Consumer MEMS Growth?
May 24, 2012, MEMS Business Forum, Santa Clara, CA—Jeremie Bouchard, director and MEMS analyst at IHS ISuppli talked about MEMS and consumer tends. At issue is the possibility for long-term growth in an industry that is starting to see longer term price erosion.
Currently, the big drivers for sensors are consumer and mobile, which are projected to grow at a CAGR of 18 percent through '16. The mobile market includes smart phones and tables, and as yet unreleased new devices. All of these devices will have multiple sensors for motion, sound or air pressure, and more.
Motion sensors will be a $2B market by '16 and the basic 3-axis sensor will upgrade to a 9-axis one driving the needs for better sensor fusion software. The next generation of sensor arrays will have better resolution, faster response times, and lower power.
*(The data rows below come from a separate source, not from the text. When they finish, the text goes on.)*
(* Let $G$ be a finite group and let $p$ be a fixed prime divisor of $|G|$. Suppose that every maximal subgroup of $G$ is nilpotent or has order not divisible by $p$. Then for each prime divisor $q$ of $|G|$, $G$ is $q$-nilpotent or $q$-closed.
   Context: For a prime $q$, a finite group $G$ is $q$-nilpotent if it has a normal $q$-complement (a normal subgroup of order coprime to $q$ and index a power of $q$), and $q$-closed if its Sylow $q$-subgroup is normal in $G$. *)

From mathcomp Require Import all_boot all_fingroup all_solvable.
Set Implicit Arguments. Unset Strict Implicit. Unset Printing Implicit Defensive.
Local Open Scope group_scope.

Definition q_nilpotent (gT : finGroupType) (q : nat) (G : {set gT}) : Prop :=
  exists K : {group gT}, [/\ K <| G, coprime #|K| q & q.-nat #|G : K|].

Definition q_closed (gT : finGroupType) (q : nat) (G : {set gT}) : Prop :=
  exists P : {group gT}, P \in 'Syl_q(G) /\ P <| G.

(* Call G p-good (nil_pdiv_proper p G) if every proper subgroup of G of
   order divisible by p is nilpotent.  The hypothesis makes G p-good, and
   p-goodness passes to quotients.  A p-good group is p-closed or
   p-nilpotent, by induction on |G|: one factors out O_p'(G) or O_p(G) and
   lifts back.  If both are trivial and a Sylow p-subgroup P is not normal,
   distinct Sylow p-subgroups meet trivially, which makes the nilpotent
   normaliser N_G(P) a Frobenius complement; its Frobenius kernel is then a
   nontrivial normal p'-subgroup.
   For a prime q <> p: if P is normal, every proper subgroup of G/P is
   nilpotent, so G/P is q-closed or q-nilpotent and this lifts to G.
   Otherwise G = K ><| P with K a normal p-complement; coprime action gives
   a P-invariant Sylow subgroup R of K, which P would centralise if R < K,
   so K has prime-power order and is the normal Sylow q-subgroup. *)

From mathcomp Require Import all_boot all_fingroup all_solvable.
From mathcomp Require vcharacter.
Set Implicit Arguments. Unset Strict Implicit. Unset Printing Implicit Defensive.
Local Open Scope group_scope.
Lemma feasible_exists_Ihat :
  RLO_CCU_SD_feasible a b J al xh -> exists i, in_Ihat a b J al xh i.
Proof.
move=> feas.
have slack_ge0 i : 0 <= slack a b xh i by rewrite subr_ge0 feasible_sum_ge.
case: feas => G [c [u [y [z [pi [phi [lam [mu [gap0 row_j row_i pi_sum1 c_def]]]]]]]]].
have [i] : exists i, slack a b xh i - \sum_(j in J i) al i j * `|xh j| <= 0.
  apply: (@exists_le0_of_wsum _ _ pi) => //; first by move=> i; case: (row_i i) => _ [].
  rewrite -[leRHS]gap0 (duality_gap_eq c_def); apply: ler_sum => i _.
  rewrite mulrBr lerD2l mulr_sumr -sumrN; apply: ler_sum => j Jj.
  have [_ [phi_le phiE _ lam_ge0 mu_ge0]] := row_j i j Jj.
  by apply: ler_weighted_normN; rewrite ?al_ge0 // -phiE.
by rewrite subr_le0 => dev_ge; exists i; rewrite /in_Ihat slack_ge0.
Qed.

Lemma feasible_of_certificates (pi z : 'I_m -> R) (w : 'I_m -> 'I_n -> R) :
  (forall i, 0 <= pi i) -> \sum_i pi i = 1 -> (forall i, 0 <= z i) ->
  (forall i j, j \in J i -> 0 <= w i j <= 1) ->
  (forall i, \sum_(j in J i) Num.max 0 (al i j * `|xh j| - z i)
             + (\sum_(j in J i) w i j) * z i <= slack a b xh i) ->
  (forall i, pi i * slack a b xh i
             = pi i * \sum_(j in J i) w i j * (al i j * `|xh j|)) ->
  RLO_CCU_SD_feasible a b J al xh.
Proof.
move=> pi_ge0 pi_sum1 z_ge0 w01 row_le compl.
pose phi i j := pi i * w i j.
pose lam i j := if 0 <= xh j then 0 else phi i j.
pose mu i j := if 0 <= xh j then phi i j else 0.
pose c j := \sum_(i < m) a i j * pi i
            + \sum_(i < m | j \in J i) al i j * (lam i j - mu i j).
exists (fun i => \sum_(j in J i) w i j), c, (fun i j => al i j * `|xh j|).
exists (fun i j => Num.max 0 (al i j * `|xh j| - z i)), z, pi, phi, lam, mu.
split=> //.
- rewrite (duality_gap_eq (fun j => erefl (c j))) big1 // => i _.
  under eq_bigr do rewrite -mulrA sign_split_mulE mulrN mulrCA -mulrA.
  by rewrite sumrN -mulr_sumr compl subrr.
- move=> i j Jj; have [w_ge0 w_le1] := andP (w01 i j Jj).
  have al_norm : al i j * `|xh j| = `|al i j * xh j|.
    by rewrite normrM ger0_norm ?al_ge0.
  split; split.
  + by have := ler_norm (- (al i j * xh j)); rewrite normrN -al_norm; lra.
  + by have := ler_norm (al i j * xh j); rewrite -al_norm; lra.
  + by rewrite -lerBlDr le_max lexx orbT.
  + by rewrite le_max lexx.
  + exact: ler_piMr.
  + by rewrite /lam /mu; case: ifP; rewrite ?add0r ?addr0.
  + exact: mulr_ge0.
  + by rewrite /lam; case: ifP => // _; apply: mulr_ge0.
  + by rewrite /mu; case: ifP => // _; apply: mulr_ge0.
- move=> i; split; last by rewrite /phi -mulr_sumr mulrC.
  split=> //; last by rewrite -sum1_card natr_sum ler_sum // => j /w01 /andP[].
  + by have := row_le i; rewrite /slack; lra.
  + by apply: sumr_ge0 => j /w01 /andP[].
Qed.

Lemma feasible_of_Ihat :
  (forall i, b i <= \sum_(j < n) a i j * xh j) ->
  (exists i, in_Ihat a b J al xh i) -> RLO_CCU_SD_feasible a b J al xh.
Proof.
move=> b_le [i0 /andP[slack0_ge0 slack0_le]].
have slack_ge0 i : 0 <= slack a b xh i by rewrite subr_ge0.
pose pi i : R := if i == i0 then 1 else 0.
pose t i := pi i * slack a b xh i.
have cert i : exists z (w : 'I_n -> R), [/\ 0 <= z, {in J i, forall j, 0 <= w j <= 1},
    \sum_(j in J i) w j * (al i j * `|xh j|) = t i
  & \sum_(j in J i) Num.max 0 (al i j * `|xh j| - z) + (\sum_(j in J i) w j) * z = t i].
  apply: threshold_certificate => [j Jj|]; first by rewrite mulr_ge0 ?al_ge0.
  rewrite /t /pi; case: eqP => [->|_]; first by rewrite mul1r slack0_ge0.
  by rewrite mul0r lexx sumr_ge0 // => j Jj; rewrite mulr_ge0 ?al_ge0.
have /fin_all_exists[z /fin_all_exists[w zw_cert]] := cert.
have pi_ge0 i : 0 <= pi i by rewrite /pi; case: eqP.
apply: (@feasible_of_certificates pi z w) => // [|i|i j Jj|i|i].
- by rewrite -big_mkcond big_pred1_eq.
- by case: (zw_cert i).
- by case: (zw_cert i) => _ /(_ j Jj).
- have [_ _ _ ->] := zw_cert i; rewrite /t /pi.
  by case: eqP; rewrite ?mul1r ?mul0r.
- have [_ _ -> _] := zw_cert i; rewrite /t /pi.
  by case: eqP; rewrite ?mul1r ?mul0r.
Qed.
Lemma P2_center_fixed (F : X -> X) (v : nat -> X) (c : X) :
  property_P2 d F -> bounded_seq d v ->
  is_lim_seq (fun n => d (v n) (F (v n))) 0 ->
  (forall y, rad v c <= rad v y) -> F c = c.
Proof.
  intros HP Hb Hreg Hc. symmetry. apply eq_of_dist_sq_le0.
  set (r := rad v c). set (D := d c (F c)).
  assert (Hr : 0 <= r) by apply rad_ge0, Hb.
  assert (HD : 0 <= D) by apply dist_ge0.
  apply (le_of_forall_le_add_mul_eps _ _ (10 * r + 4 * D + 8)). intros eps He He1.
  destruct (rad_frequently_gt v (F c) eps _ Hb He
              (filter_and _ _ (is_lim_seq_0_eventually_lt _ eps Hreg He)
                              (rad_eventually_lt v c eps Hb He)))
    as [n [[He_n Hc_n] HFc_n]].
  assert (HrF := Hc (F c)). fold r in Hc_n, HrF.
  pose proof (P2_dist_image_sq F c (v n) HP) as Himg.
  assert (Hb_up : d (F c) (v n) <= d c (F c) + d c (v n)).
  { rewrite (dist_sym c (F c)). apply dist_triangle. }
  pose proof (dist_ge0 c (v n)). pose proof (dist_ge0 (v n) (F (v n))).
  pose proof (dist_ge0 (F c) (v n)).
  fold D in Himg, Hb_up.
  set (e := d (v n) (F (v n))) in *. set (b := d (F c) (v n)) in *.
  assert (Hb_low := pow2_ge_of_sub_lt r eps b Hr He ltac:(assumption) ltac:(lra)).
  assert ((d c (v n) + e) ^ 2 <= (r + 2 * eps) ^ 2) by nra.
  assert (b * e <= (D + r + 1) * eps) by (apply Rmult_le_compat; lra).
  rewrite Rplus_0_l. nra.
Qed.
Theorem theorem3p7 (p : nat) (R : realType) (K : closedFieldType) (nrm : K -> R)
    (a b : K) :
  prime p -> (2 < p)%N -> is_Cp nrm p ->
  a != 0 -> b != 0 -> a != b ->
  nrm (2 * a) = nrm b -> nrm (2 * a - b) = nrm a ->
  let P := - b^-1 in
  let f := fun x : K => a * x ^+ 2 / (b * x + 1) in
  let x1 := 0 in
  let x2 := (a - b)^-1 in
  attracting nrm f P x1 /\ indifferent nrm f P x2 /\
  (forall y : K, basin nrm f P x1 y <-> ball nrm x1 (nrm a)^-1 y) /\
  (forall y : K, SI nrm f P x2 y <-> ball nrm x2 (nrm (a - b))^-1 y).
Proof.
(* Only the ultrametric absolute value is used: neither [p] nor the
   completeness and density clauses of [is_Cp] play a role. *)
move=> _ _ [nrm0 [nrm_gt0 [nrmM [nrmD_le_max _]]]] a_neq0 b_neq0 a_neq_b.
move=> nrm_2a nrm_2a_b P f x1 x2.
have habs : ultrametric_abs nrm by split.
have nrm_b := nrm_eq_of_double habs nrm_2a nrm_2a_b.
split; first exact: qmap_attracting.
split; first exact: qmap_indifferent.
by split=> y; [exact: qmap_basin0 | exact: qmap_SI].
Qed.
(* Fix a monomial order on $S$. Let $J,E$ be ideals of $S$ and let $\mathcal G_J$ be a Gröbner basis of $J$. The following are equivalent: (a) $E$ is S-nice with respect to $\mathcal G_J$; (b) for every Gröbner basis $\mathcal G_E$ of $E$, and every $f\in\mathcal G_J$, $g\in\mathcal G_E$, one has $S(f,g)\in E$; (c) there exists a Gröbner basis $\mathcal G_E$ of $E$ such that $S(f,g)\in E$ for all $f\in\mathcal G_J$ and $g\in\mathcal G_E$.
   Context: $K$ is a field and $S=K[x_1,\ldots,x_n]$ with a fixed monomial order. For $0\neq f\in S$, $\mathrm{in}(f)$ denotes its leading monomial and $\mathrm{LT}(f)$ its leading term. For nonzero $f,g\in S$ the S-polynomial is $S(f,g)=\frac{\mathrm{lcm}(\mathrm{in}(f),\mathrm{in}(g))}{\mathrm{LT}(f)}f-\frac{\mathrm{lcm}(\mathrm{in}(f),\mathrm{in}(g))}{\mathrm{LT}(g)}g$. Given a Gröbner basis $\mathcal G_J$ of an ideal $J$, an ideal $E$ is called S-nice with respect to $\mathcal G_J$ if $S(f,g)\in E$ for all $f\in\mathcal G_J$ and all nonzero $g\in E$. *)

From HB Require Import structures.
From mathcomp Require Import all_boot all_order all_algebra.
From mathcomp Require Import mpoly.
Set Implicit Arguments. Unset Strict Implicit. Unset Printing Implicit Defensive.
Import GRing.Theory.
Local Open Scope ring_scope.

Section GB.
Variables (K : fieldType) (n : nat).
Local Notation S := {mpoly K[n]}.
Local Notation mon := 'X_{1..n}.

Definition monomial_order (le : rel mon) : Prop :=
  [/\ reflexive le, antisymmetric le, transitive le, total le &
   [/\ (forall m1 m2 m : mon, le m1 m2 -> le (m1 + m)%MM (m2 + m)%MM) &
      well_founded (fun a b : mon => le a b && (a != b))]].

Definition mon_max (le : rel mon) (m acc : mon) : mon := if le acc m then m else acc.

(* in(f): the largest monomial in the support of f (meaningful for f != 0). *)
Definition lm (le : rel mon) (f : S) : mon :=
  let s := msupp f in foldr (mon_max le) (head 0%MM s) (behead s).

Definition lc (le : rel mon) (f : S) : K := f@_(lm le f).
Definition LT (le : rel mon) (f : S) : S := lc le f *: 'X_[lm le f].

Definition spoly (le : rel mon) (f g : S) : S :=
  let L := mlcm (lm le f) (lm le g) in
  ((lc le f)^-1 *: 'X_[(L - lm le f)%MM]) * f
  - ((lc le g)^-1 *: 'X_[(L - lm le g)%MM]) * g.

Definition is_ideal (I : S -> Prop) : Prop :=
  [/\ I 0, (forall a b, I a -> I b -> I (a + b)) & (forall r a, I a -> I (r * a))].

Definition ideal_gen (A : S -> Prop) : S -> Prop :=
  fun f => forall I, is_ideal I -> (forall a, A a -> I a) -> I f.

Definition initial_ideal (le : rel mon) (J : S -> Prop) : S -> Prop :=
  ideal_gen (fun m => exists f, [/\ J f, f != 0 & m = 'X_[lm le f]]).

Definition groebner_basis (le : rel mon) (J : S -> Prop) (G : seq S) : Prop :=
  (forall g, g \in G -> J g /\ g != 0) /\
  (forall f, initial_ideal le J f <->
             ideal_gen (fun m => exists2 g, g \in G & m = 'X_[lm le g]) f).

Definition S_nice (le : rel mon) (GJ : seq S) (E : S -> Prop) : Prop :=
  forall f g, f \in GJ -> E g -> g != 0 -> E (spoly le f g).

End GB.

From HB Require Import structures.
From mathcomp Require Import all_boot all_order all_algebra.
From mathcomp Require Import mpoly.
From Stdlib Require Import Classical.
Set Implicit Arguments. Unset Strict Implicit. Unset Printing Implicit Defensive.
Import GRing.Theory.

(* (a) -> (b) is immediate, since a Groebner basis consists of nonzero
   elements of E, and (b) -> (c) only needs SOME Groebner basis of E to exist.
   For the latter we prove Dickson's lemma on exponent vectors (as sequences
   of naturals): every set of exponent vectors has finitely many elements
   below which all others lie.  Taking leading monomials of nonzero elements
   of E, this yields a finite "leading-monomial cover" of E, and we show that
   a finite subset of E \ {0} is a Groebner basis exactly when it is such a
   cover.  The heart of (c) -> (a) is a divisibility computation: if
   in(g) | in(h), the f-half of S(f,h) is a monomial multiple of the f-half
   of S(f,g), which lies in E as soon as S(f,g) and g do.  No property of the
   monomial order is needed; classical logic enters only in Dickson's lemma,
   to decide membership of the empty vector in an arbitrary set. *)

Definition dominated (y x : seq nat) : Prop := forall i, nth 0 y i <= nth 0 x i.

Section Dickson.
Variable n : nat.

Lemma pick_heads (P : seq nat -> Prop) (t : seq (seq nat)) :
  (forall x', x' \in t -> (exists a, P (a :: x')) /\ size x' = n) ->
  exists w : seq (nat * seq nat),
    (forall p, p \in w -> P (p.1 :: p.2) /\ size p.2 = n) /\
    (forall x', x' \in t -> exists a, (a, x') \in w).
Proof.
elim: t => [|x t IH] H; first by exists [::].
have [[a Pa] sz] := H x (mem_head _ _).
have [w [Hw1 Hw2]] : exists w : seq (nat * seq nat),
    (forall p, p \in w -> P (p.1 :: p.2) /\ size p.2 = n) /\
    (forall x', x' \in t -> exists a, (a, x') \in w).
  by apply: IH => x' hx; apply: H; rewrite in_cons hx orbT.
exists ((a, x) :: w); split.
  by move=> p; rewrite in_cons => /orP [/eqP -> //|]; exact: Hw1.
move=> x'; rewrite in_cons => /orP [/eqP ->|/Hw2 [b hb]].
  by exists a; rewrite mem_head.
by exists b; rewrite in_cons hb orbT.
Qed.

Definition dickson_at (P : seq nat -> Prop) : Prop :=
  exists s : seq (seq nat),
    (forall x, x \in s -> P x /\ size x = n) /\
    (forall x, P x -> size x = n -> exists2 y, y \in s & dominated y x).

(* Inductive step, first half: assuming Dickson's lemma in length n, the
   points of P of length n.+1 whose first coordinate is below a bound A are
   covered by finitely many points of P (treat each head value separately). *)
Lemma dickson_bounded_head (P : seq nat -> Prop) (A : nat) :
  (forall Q, dickson_at Q) ->
  exists u : seq (seq nat),
    (forall x, x \in u -> P x /\ size x = n.+1) /\
    (forall i x', i < A -> P (i :: x') -> size x' = n ->
       exists2 y, y \in u & dominated y (i :: x')).
Proof.
move=> IH; elim: A => [|B [u [Hu1 Hu2]]]; first by exists [::].
have [s [Hs1 Hs2]] := IH (fun x' => P (B :: x')).
exists (map (cons B) s ++ u); split.
  move=> x; rewrite mem_cat => /orP [/mapP [y hy ->]|/Hu1 //].
  by have [? ?] := Hs1 y hy; split => //=; congr S.
move=> i x' hi Pi sz; rewrite ltnS leq_eqVlt in hi.
case/orP: hi => [/eqP ei|hi].
  subst i; have [y hy ley] := Hs2 x' Pi sz.
  by exists (B :: y); [rewrite mem_cat map_f | case].
have [y hy ley] := Hu2 i x' hi Pi sz.
by exists y => //; rewrite mem_cat hy orbT.
Qed.

End Dickson.

(* Induction on n: the tails of
   points of P are covered by finitely many tails, each extended by a head;
   points with large heads dominate one of those, points with heads below the
   largest chosen head are handled by [dickson_bounded_head]. *)
Lemma dickson (n : nat) (P : seq nat -> Prop) : dickson_at n P.
Proof.
elim: n P => [|n IH] P.
  case: (classic (P [::])) => HP.
    exists [:: [::]]; split; first by move=> x; rewrite mem_seq1 => /eqP ->.
    by move=> [|//] _ _; exists [::]; rewrite ?mem_head.
  by exists [::]; split => // -[|//] /HP.
have [t [Ht1 Ht2]] := IH (fun x' => exists a, P (a :: x')).
have [w [Hw1 Hw2]] := pick_heads Ht1.
set A := \max_(p <- w) p.1.
have leA p : p \in w -> p.1 <= A by move=> hp; rewrite /A (bigmaxn_sup_seq _ hp).
have [u [Hu1 Hu2]] := dickson_bounded_head P A IH.
exists (map (fun p => p.1 :: p.2) w ++ u); split.
  move=> x; rewrite mem_cat => /orP [/mapP [p hp ->]|/Hu1 //].
  by have [? ?] := Hw1 p hp; split => //=; congr S.
move=> [//|a x'] Px /= [sz].
case: (ltnP a A) => ha.
  have [y hy ley] := Hu2 a x' ha Px sz.
  by exists y => //; rewrite mem_cat hy orbT.
have [y' hy' ley'] := Ht2 x' (ex_intro _ a Px) sz.
have [b hb] := Hw2 y' hy'.
exists (b :: y'); first by rewrite mem_cat (map_f (fun p => p.1 :: p.2) hb).
by case=> [|i] //=; exact: leq_trans (leA _ hb) ha.
Qed.

Section Groebner.
Variables (K : fieldType) (n : nat) (le : rel 'X_{1..n}).
Local Notation S := {mpoly K[n]}.
Local Notation mon := 'X_{1..n}.
Local Open Scope ring_scope.

Lemma idealN (E : S -> Prop) (a : S) : is_ideal E -> E a -> E (- a).
Proof. by case=> _ _ HM Ha; rewrite -mulN1r; apply: HM. Qed.

Definition lead_monomials (G : seq S) : S -> Prop :=
  fun m => exists2 g, g \in G & m = 'X_[lm le g].

Definition lm_cover (E : S -> Prop) (G : seq S) : Prop :=
  forall e, E e -> e != 0 -> exists2 g, g \in G & (lm le g <= lm le e)%MM.

Lemma lead_monomials_supp (G : seq S) (p : S) :
  ideal_gen (lead_monomials G) p ->
  forall m, m \in msupp p -> exists2 g, g \in G & (lm le g <= m)%MM.
Proof.
move=> Hp; apply: (Hp (fun p => forall m, m \in msupp p ->
   exists2 g, g \in G & (lm le g <= m)%MM)).
  split.
  - by move=> m; rewrite msupp0.
  - by move=> a b Ha Hb m /msuppD_le; rewrite mem_cat => /orP [/Ha|/Hb].
  - move=> r a Ha m /msuppM_le /allpairsP [[m1 m2] /= [_ h2 ->]].
    have [g hg leg] := Ha m2 h2; exists g => //.
    by apply: lepm_trans leg _; apply/mnm_lepP => i; rewrite mnmDE leq_addl.
move=> _ [g hg ->] m; rewrite msuppX mem_seq1 => /eqP ->.
by exists g => //; exact: lepm_refl.
Qed.

Lemma groebner_basis_cover (E : S -> Prop) (G : seq S) :
  groebner_basis le E G -> lm_cover E G.
Proof.
move=> [_ HG] e Ee enz.
have : initial_ideal le E 'X_[lm le e] by move=> I _ HI; apply: HI; exists e.
by move/HG/lead_monomials_supp; apply; rewrite msuppX mem_seq1.
Qed.

Lemma cover_groebner_basis (E : S -> Prop) (G : seq S) :
  (forall g, g \in G -> E g /\ g != 0) -> lm_cover E G ->
  groebner_basis le E G.
Proof.
move=> HG cover; split => // f; split => Hf I HI Hgen; apply: Hf => //.
- move=> _ [e [Ee enz ->]]; have [g hg leg] := cover e Ee enz.
  rewrite -(submK leg) mpolyXD; case: HI => _ _ HIM; apply: HIM.
  by apply: Hgen; exists g.
- by move=> _ [g hg ->]; apply: Hgen; have [? ?] := HG g hg; exists g.
Qed.

(* Every set of polynomials has a finite leading-monomial cover by its own
   nonzero elements: apply Dickson's lemma to the exponent vectors of the
   leading monomials. *)
Lemma lm_cover_exists (E : S -> Prop) :
  exists G, (forall g, g \in G -> E g /\ g != 0) /\ lm_cover E G.
Proof.
pose exps (e : S) : seq nat := tval (multinom_val (lm le e)).
pose P x := exists e, [/\ E e, e != 0 & x = exps e].
have [s [Hs1 Hs2]] := dickson n P.
have [G [HG1 HG2]] : exists G : seq S, (forall g, g \in G -> E g /\ g != 0) /\
    (forall y, y \in s -> exists2 g, g \in G & y = exps g).
  elim: s Hs1 {Hs2} => [|y s IH] H; first by exists [::].
  have [[e [Ee enz ->]] _] := H y (mem_head _ _).
  have [G [HG1 HG2]] : exists G : seq S, (forall g, g \in G -> E g /\ g != 0) /\
      (forall y, y \in s -> exists2 g, g \in G & y = exps g).
    by apply: IH => x hx; apply: H; rewrite in_cons hx orbT.
  exists (e :: G); split; first by move=> g; rewrite in_cons => /orP [/eqP ->|/HG1].
  move=> y'; rewrite in_cons => /orP [/eqP ->|/HG2 [g hg ->]].
    by exists e; rewrite ?mem_head.
  by exists g; rewrite // in_cons hg orbT.
exists G; split => // e Ee enz.
have [y hy ley] := Hs2 (exps e) (ex_intro _ e (And3 Ee enz erefl)) (size_tuple _).
have [g hg yE] := HG2 y hy; exists g => //.
by apply/mnm_lepP => i; rewrite !(mnm_nth 0); have := ley i; rewrite yE.
Qed.

Lemma groebner_basis_exists (E : S -> Prop) : exists G, groebner_basis le E G.
Proof.
have [G [HG cover]] := lm_cover_exists E.
by exists G; exact: cover_groebner_basis.
Qed.

(* The f-half of S(f,g): S(f,g) = spoly_half f g - spoly_half g f. *)
Definition spoly_half (f g : S) : S :=
  ((lc le f)^-1 *: 'X_[(mlcm (lm le f) (lm le g) - lm le f)%MM]) * f.

(* If in(g) divides in(h), then lcm(in f, in h) / in f is a multiple of
   lcm(in f, in g) / in f, so the f-half of S(f,h) is a monomial multiple of
   the f-half of S(f,g). *)
Lemma spoly_half_dvd (f g h : S) : (lm le g <= lm le h)%MM ->
  exists m : mon, spoly_half f h = 'X_[m] * spoly_half f g.
Proof.
move=> leg; set A := (mlcm (lm le f) (lm le g) - lm le f)%MM.
set B := (mlcm (lm le f) (lm le h) - lm le f)%MM.
have AB : (A <= B)%MM.
  apply/mnm_lepP => i; rewrite /A /B !mnmBE /mlcm !mnmE.
  apply: leq_sub2r; rewrite geq_max leq_maxl /=.
  exact: leq_trans (mnm_lepP leg i) (leq_maxr _ _).
by exists (B - A)%MM; rewrite /spoly_half -/A -/B mulrA -scalerAr -mpolyXD submK.
Qed.

Lemma S_nice_of_cover (E : S -> Prop) (GJ G : seq S) :
  is_ideal E -> (forall g, g \in G -> E g) -> lm_cover E G ->
  (forall f g, f \in GJ -> g \in G -> E (spoly le f g)) -> S_nice le GJ E.
Proof.
move=> HE EG cover Hc f h fin Eh hnz.
have [_ HD HM] := HE.
have [g gin leg] := cover h Eh hnz.
have half_g : E (spoly_half f g).
  pose r := (lc le g)^-1 *: 'X_[(mlcm (lm le f) (lm le g) - lm le g)%MM].
  have := HD _ _ (Hc f g fin gin) (HM r _ (EG g gin)).
  by rewrite /spoly subrK.
rewrite /spoly -/(spoly_half f h); have [m ->] := spoly_half_dvd f leg.
by apply: HD; [exact: HM | apply: idealN => //; exact: HM].
Qed.

End Groebner.

Theorem mainTheorem15 (K : fieldType) (n : nat) (le : rel 'X_{1..n})
    (J E : {mpoly K[n]} -> Prop) (GJ : seq {mpoly K[n]}) :
  monomial_order le -> is_ideal J -> is_ideal E -> groebner_basis le J GJ ->
  (S_nice le GJ E <->
     (forall GE, groebner_basis le E GE ->
        forall f g, f \in GJ -> g \in GE -> E (spoly le f g))) /\
  ((forall GE, groebner_basis le E GE ->
        forall f g, f \in GJ -> g \in GE -> E (spoly le f g)) <->
     (exists GE, groebner_basis le E GE /\
        forall f g, f \in GJ -> g \in GE -> E (spoly le f g))).
Proof.
move=> _ _ HE _.
have [G0 HG0] := groebner_basis_exists le E.
have c_to_a GE : groebner_basis le E GE ->
    (forall f g, f \in GJ -> g \in GE -> E (spoly le f g)) -> S_nice le GJ E.
  move=> HGE; apply: S_nice_of_cover HE _ (groebner_basis_cover HGE).
  by move=> g /(proj1 HGE) [].
have a_to_b : S_nice le GJ E -> forall GE, groebner_basis le E GE ->
    forall f g, f \in GJ -> g \in GE -> E (spoly le f g).
  by move=> Ha GE [HG _] f g fin /HG [Eg gnz]; exact: Ha.
split; split.
- exact: a_to_b.
- by move=> Hb; exact: c_to_a HG0 (Hb G0 HG0).
- by move=> Hb; exists G0; split => //; exact: Hb.
- by move=> [GE [HGE Hc]]; apply: a_to_b; exact: c_to_a HGE Hc.
Qed.
Lemma polyfun_fibre k b :
  polyfun (fun q => (of_xu (fibre k b q)).1) /\ polyfun (fun q => (of_xu (fibre k b q)).2).
Proof.
rewrite /fibre /centre_fibre /fx_quo /fu_quo; case: b; last case: (cu k == 0);
  case: (val k) => [|[|[|[|?]]]] /=; split; polyfun_tac.
Qed.

Lemma F_morphism : morphism (S_ab al be) (W_ab al be) F.
Proof.
split; [|split].
- by move=> p _ hS; split; [apply: F_valid | apply: F_W].
- by move=> p q _ _ [lam [_ ->]]; apply: same_refl.
move=> p _ _.
pose a k q := (of_xu (fibre k (off_centre k p) q)).1.
pose b k q := (of_xu (fibre k (off_centre k p) q)).2.
exists (fun _ => 0%N), (fun _ => 1), (fun j q => (F q).1 j), (fun _ _ => 0%N), a, b.
split; first by apply: mhpoly_dim0; apply: pf_const.
split; first by apply/eqP; rewrite oner_eq0.
split; first by move=> j; apply: mhpoly_dim0; rewrite /F /mkpt /=; case: (val j == 0%N);
  polyfun_tac.
split; first by move=> k; have [? ?] := polyfun_fibre k (off_centre k p);
  split; apply: mhpoly_dim0.
split; first by move=> k; apply: nz_pair_of_xu; apply: fibre_nz.
move=> q _ hS _ nz; apply: same_det2 => //; first by apply: funext => j /=; rewrite divr1.
  exact: F_valid.
move=> k.
change (det2 (of_xu (fibre k (off_centre k q) q)) (of_xu (fibre k (off_centre k p) q)) = 0).
by rewrite det2_of_xu2 fibre_det2 ?mulr0.
Qed.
The good thing for new companies is that the total number of suppliers will increase, as some vendors will focus on specific segments.
The ecosystem will need integrated software solutions to support the dedicated cores and ASICs. The sensor cost reductions will enable many other apps, such as multiple microphones for noise reduction, or RF switches and varactors to run the radios. Although MEMS have competition, the alternatives in RF are likely to remain more costly.
The markets are already starting to flatten out, and by '16, growth will only be about 5 percent a year. The big question will be is price or equipment functionality the driver? Already, some of the markets are saturating. Growth in gaming saturated about '08, and gyro growth flattened out in '10. Motion sensors in mobile handsets in now in the single digits, and tablets started with a 90 percent growth rate, dropping to less than 10 percent in '16.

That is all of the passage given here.